Public-sector pay in Saudi Arabia is about 8% more than private-sector pay for similar work. The private sector typically offers stronger upside and bigger bonuses; the public sector typically offers better benefits and stability.

Public vs private pay gap

7%

Public-sector workers earn this much more than private-sector workers in Saudi Arabia on average.

Public sector 207,800 SAR
Private sector 192,600 SAR

Doctor salary by city in Saudi Arabia

Doctor pay is not even across Saudi Arabia. The chart below shows the highest-paying cities in the dataset, followed by the full location table.

  • Jeddah
  • Medina
  • Mecca
  • Riyadh
  • Dammam
  • Khubar
  • Abha
  • Tabuk
  • Taif
LocationTypeAverageMedianRange
JeddahCity524,700 SAR565,100 SAR239,300-832,000 SAR
MedinaCity522,700 SAR498,000 SAR272,800-795,700 SAR
MeccaCity498,500 SAR507,300 SAR243,000-773,400 SAR
RiyadhCity498,000 SAR478,000 SAR259,100-762,400 SAR
DammamCity492,700 SAR533,000 SAR228,500-783,800 SAR
KhubarCity483,400 SAR522,700 SAR222,300-767,400 SAR
AbhaCity457,300 SAR466,900 SAR225,700-714,300 SAR
TabukCity455,400 SAR491,000 SAR208,600-722,100 SAR
TaifCity447,700 SAR459,700 SAR221,500-701,400 SAR


Doctor in Saudi Arabia: FAQs

  • How much does a doctor make per month in Saudi Arabia?

    A doctor in Saudi Arabia earns about 37,908 SAR a month before tax, based on an annual average of 454,900 SAR.

  • What's the salary range for a doctor in Saudi Arabia?

    Entry-level doctors in Saudi Arabia start near 239,000 SAR. Top-end pay reaches around 699,700 SAR. The middle 50% of earners sit between 301,700 and 545,300 SAR.

  • Is the median doctor salary in Saudi Arabia higher or lower than the average?

    The median is 436,200 SAR, lower than the average of 454,900 SAR. Half of doctors in Saudi Arabia earn below the median, half earn above it.

  • What's the gender pay gap for doctors in Saudi Arabia?

    Men working as a doctor in Saudi Arabia earn around 11% more than women on average (485,300 vs 436,200 SAR a year).

  • Do doctors in Saudi Arabia get bonuses?
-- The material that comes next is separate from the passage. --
(* Let $m\geq1$, let $X$ be a weak complicial set in which every $k$-simplex is thin for every $k\geq m$, and let $x\in X_0$ be a vertex. Then for every $n\geq m$ the homotopy monoid $\tau_n(X,x)$ is a group.
   Context: A stratified simplicial set is a pair $(X,tX)$ where $X$ is a simplicial set and $tX$ is a set of simplices of $X$ (thin simplices) containing all degenerate simplices and no $0$-simplices; stratified maps are simplicial maps preserving thin simplices. A regular stratified subset $(X,tX)\subset(Y,tY)$ means $X\subset Y$, $tX=X\cap tY$. For $n\ge1$, $\Delta[n]_t$ is $\Delta[n]$ with thin simplices the degenerate ones and $\mathrm{Id}_{[n]}$. For $k\in[n]$, $\Delta^k[n]$ is $\Delta[n]$ with thin simplices the degenerate ones and all $\alpha:[m]\to[n]$ with $\{k-1,k,k+1\}\cap[n]\subset\mathrm{Im}(\alpha)$; $\Lambda^k[n]$ is the regular stratified subset of $\Delta^k[n]$ generated by the faces $\delta_i$, $i\neq k$; $\Delta^k[n]''$ (resp. $\Lambda^k[n]'$) is $\Delta^k[n]$ (resp. $\Lambda^k[n]$) with additionally all its $(n-1)$-simplices thin; $\Delta^k[n]'=\Delta^k[n]\cup\Lambda^k[n]'$. A weak complicial set is a stratified simplicial set with the right lifting property against $\Lambda^k[n]\hookrightarrow\Delta^k[n]$ ($n\ge1$, $k\in[n]$) and $\Delta^k[n]'\hookrightarrow\Delta^k[n]''$ ($n\ge2$, $k\in[n]$). The product $X\circledast Y$ has underlying simplicial set $X\times Y$, with $(x,y)$ thin iff $x$ and $y$ are thin. For stratified maps $f,g:A\to X$ and an inclusion $B\hookrightarrow A$ with $f|_B=g|_B$, $f\sim_B g$ means there is a stratified map $H:A\circledast\Delta[1]_t\to X$ with $H|_{A\times\{0\}}=f$, $H|_{A\times\{1\}}=g$ and $H|_{B\circledast\Delta[1]_t}=f|_B\circ\mathrm{proj}_B$; $n$-simplices are regarded as stratified maps from $\Delta[n]$ with only degenerate simplices thin. For $n\ge1$, $\tau_n(X,x)$ is the set of $\sim_{\partial\Delta[n]}$-classes of $n$-simplices $\alpha$ whose restriction to $\partial\Delta[n]$ is constant at $x$, with multiplication $[\alpha][\beta]=[d_n\theta]$ where $\theta:\Delta^n[n+1]\to X$ is any stratified map with $d_{n-1}\theta=\alpha$, $d_{n+1}\theta=\beta$, and $d_i\theta$ constant at $x$ for $i\notin\{n-1,n,n+1\}$; this is a monoid with unit the class of the constant simplex at $x$. *)

From Stdlib Require Import Relations.Relation_Operators.
From mathcomp Require Import all_boot.
From mathcomp Require Import zify.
    About 80% of doctors in Saudi Arabia reported a bonus in the past 12 months. Reported bonuses ranged from 6% to 8% of base salary.

  • Do doctors earn more in the public or private sector in Saudi Arabia?

    In Saudi Arabia, the public sector pays a doctor about 8% more on average. Public-sector pay tends to be steadier; private-sector pay tends to offer bigger upside.

  • How often do doctors in Saudi Arabia get a pay raise?

    A doctor in Saudi Arabia sees a raise of around 13% every 16 months, equivalent to roughly 10% a year.